Another wow dish.
Ingredients
- 1kg pork belly
- 1 tblsp coriander seeds
- Salt and pepper
- 2 tblsp olive oil
- For the Celeriac and Apple Coleslaw:
- ½ head celeriac, peeled
- 1 Granny Smith apple
- 1 lemon
- 4 tblsp natural yoghurt
- For the Roasted Sweet Potatoes:
- 4 large sweet potatoes, peeled and cut into wedges
- 4 cloves of garlic, chopped
- 4 sprigs of rosemary, chopped
- 1 tblsp olive oil
- 200g sprouting broccoli
Method
- Preheat oven to 220°C.
- Score the skin on the pork belly with a sharp knife. This will help the crackling to crisp.
- Crush the coriander seeds with the back of a chopping knife and rub into the pork belly, along with some salt, pepper and olive oil.
- Place the pork belly into a roasting tray. Add a cup of water which will help the pork to stay moist.
- Place the pork in the preheated oven to roast. After 10 minutes reduce the heat down to 160°C and continue to roast for a further 3 hours.
- In a bowl, mix together the sweet potatoes, chopped garlic and rosemary, salt, pepper and olive oil. Place on a roasting tray and cook in the same oven as the pork belly for the final hour of roasting time.

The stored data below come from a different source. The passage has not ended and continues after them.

Lemma quot_finite_trans A B C : quot_finite A B -> quot_finite B C -> quot_finite A C.
Proof. by move=> [k1 qAB] [k2 qBC]; exists (k1 * k2)%N; apply: quot_card_le_trans qBC. Qed.

Lemma quot_card_le_addr A B k :
  is_subgroup B -> quot_card_le A B k -> quot_card_le (sumset A B) B k.
Proof.
move=> hB [s [les cov]]; exists s; split => // _ [a [b [Aa [Bb ->]]]].
have [y [ys Bay]] := cov a Aa.
by exists y; rewrite addrAC; split => //; apply: subgroupD.
Qed.

Definition incongruent W L : Prop :=
  forall i j, (i < size L)%N -> (j < size L)%N -> W (L`_i - L`_j) -> i = j.

Lemma incongruent_sub W W' L :
  (forall x, W x -> W' x) -> incongruent W' L -> incongruent W L.
Proof. by move=> sWW' incL i j ltiL ltjL /sWW'; apply: incL. Qed.

Lemma incongruent_cons W x L : is_subgroup W -> incongruent W L ->
  (forall i, (i < size L)%N -> ~ W (x - L`_i)) -> incongruent W (x :: L).
Proof.
move=> hW incL newx [|i] [|j] //= ltiL ltjL.
- by move/newx.
- by move/(subgroup_subC hW)/newx.
- by move=> Wij; congr S; apply: incL.
Qed.

Lemma incongruent_size_le W A L k : is_subgroup W -> quot_card_le A W k ->
  (forall x, x \in L -> A x) -> incongruent W L -> (size L <= k)%N.
Proof.
move=> hW [s [les cov]] LA incL; apply: leq_trans les.
have /fin_all_exists [f Wf] : forall i : 'I_(size L),
    exists j : 'I_(size s), W (L`_i - s`_j).
  move=> i; have [y [ys Wy]] := cov _ (LA _ (mem_nth 0 (ltn_ord i))).
  by exists (Ordinal (etrans (index_mem y s) ys)); rewrite /= nth_index.
have inj_f : injective f.
  move=> i j fij; apply: val_inj; apply: incL (ltn_ord i) (ltn_ord j) _.
  by apply: (subgroup_sub_trans hW (Wf i)); rewrite fij; apply: subgroup_subC.
by have := leq_card f inj_f; rewrite !card_ord.
Qed.

Lemma incongruent_extend W A L : is_subgroup W -> incongruent W L ->
  quot_card_le A W (size L) \/ exists x, A x /\ incongruent W (x :: L).
Proof.
move=> hW incL.
case: (classic (forall x, A x -> exists y, y \in L /\ W (x - y))) => [covL|].
  by left; exists L.
move=> /not_all_ex_not [x notcovx]; have [Ax notcov] := imply_to_and _ _ notcovx.
right; exists x; split => //; apply: incongruent_cons => // i ltiL Wxi.
by apply: notcov; exists L`_i; rewrite mem_nth.
Qed.

Lemma quot_card_le_or_incongruent W A k : is_subgroup W ->
  quot_card_le A W k \/
  exists L, [/\ size L = k.+1, forall x, x \in L -> A x & incongruent W L].
Proof.
move=> hW; elim: k => [|k [qk|[L [sizeL LA incL]]]].
- have inc0 : incongruent W [::] by move=> i j; rewrite ltn0.
  have [q0|[x [Ax incx]]] := incongruent_extend A hW inc0; first by left.
  by right; exists [:: x]; split => // y; rewrite inE => /eqP ->.
- by left; apply: quot_card_le_leq qk.
- have [qL|[x [Ax incxL]]] := incongruent_extend A hW incL; first by left; rewrite -sizeL.
  right; exists (x :: L); split; [by rewrite /= sizeL | | by []].
  by move=> y; rewrite inE => /predU1P [->|/LA].
Qed.

Lemma quot_card_leP W A k : is_subgroup W -> quot_card_le A W k <->
  ~ exists L, [/\ size L = k.+1, forall x, x \in L -> A x & incongruent W L].
Proof.
move=> hW; split=> [qk [L [sizeL LA incL]]|noL].
  by have := incongruent_size_le hW qk LA incL; rewrite sizeL ltnn.
by have [//|/noL] := quot_card_le_or_incongruent A k hW.
Qed.

Lemma quot_card_le_preim X W (u : {additive G -> G}) k :
  is_subgroup X -> is_subgroup W ->
  quot_card_le (imageset u X) W k -> quot_card_le X (fun x => X x /\ W (u x)) k.
Proof.
move=> hX hW quX; apply/quot_card_leP; first exact: subgroup_preim.
move=> [L [sizeL LX incL]].
suff : (size (map u L) <= k)%N by rewrite size_map sizeL ltnn.
apply: (incongruent_size_le hW quX).
  by move=> _ /mapP [x xL ->]; exists x; split => //; apply: LX.
move=> i j; rewrite size_map => ltiL ltjL; rewrite !(nth_map 0) // -raddfB => Wij.
have [Xi Xj] := (LX _ (mem_nth 0 ltiL), LX _ (mem_nth 0 ltjL)).
by apply: incL => //; split => //; apply: subgroupB.
Qed.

- To make the coleslaw, grate the apple and celeriac into a bowl. Mix in the yoghurt and squeeze in the juice of half a lemon. Set aside
- Once your pork and sweet potatoes are cooked, allow to rest for 5-10 minutes.
- Meanwhile, boil or steam the broccoli for 4-5 minutes. Slice the pork and serve with the sweet potatoes, coleslaw and broccoli.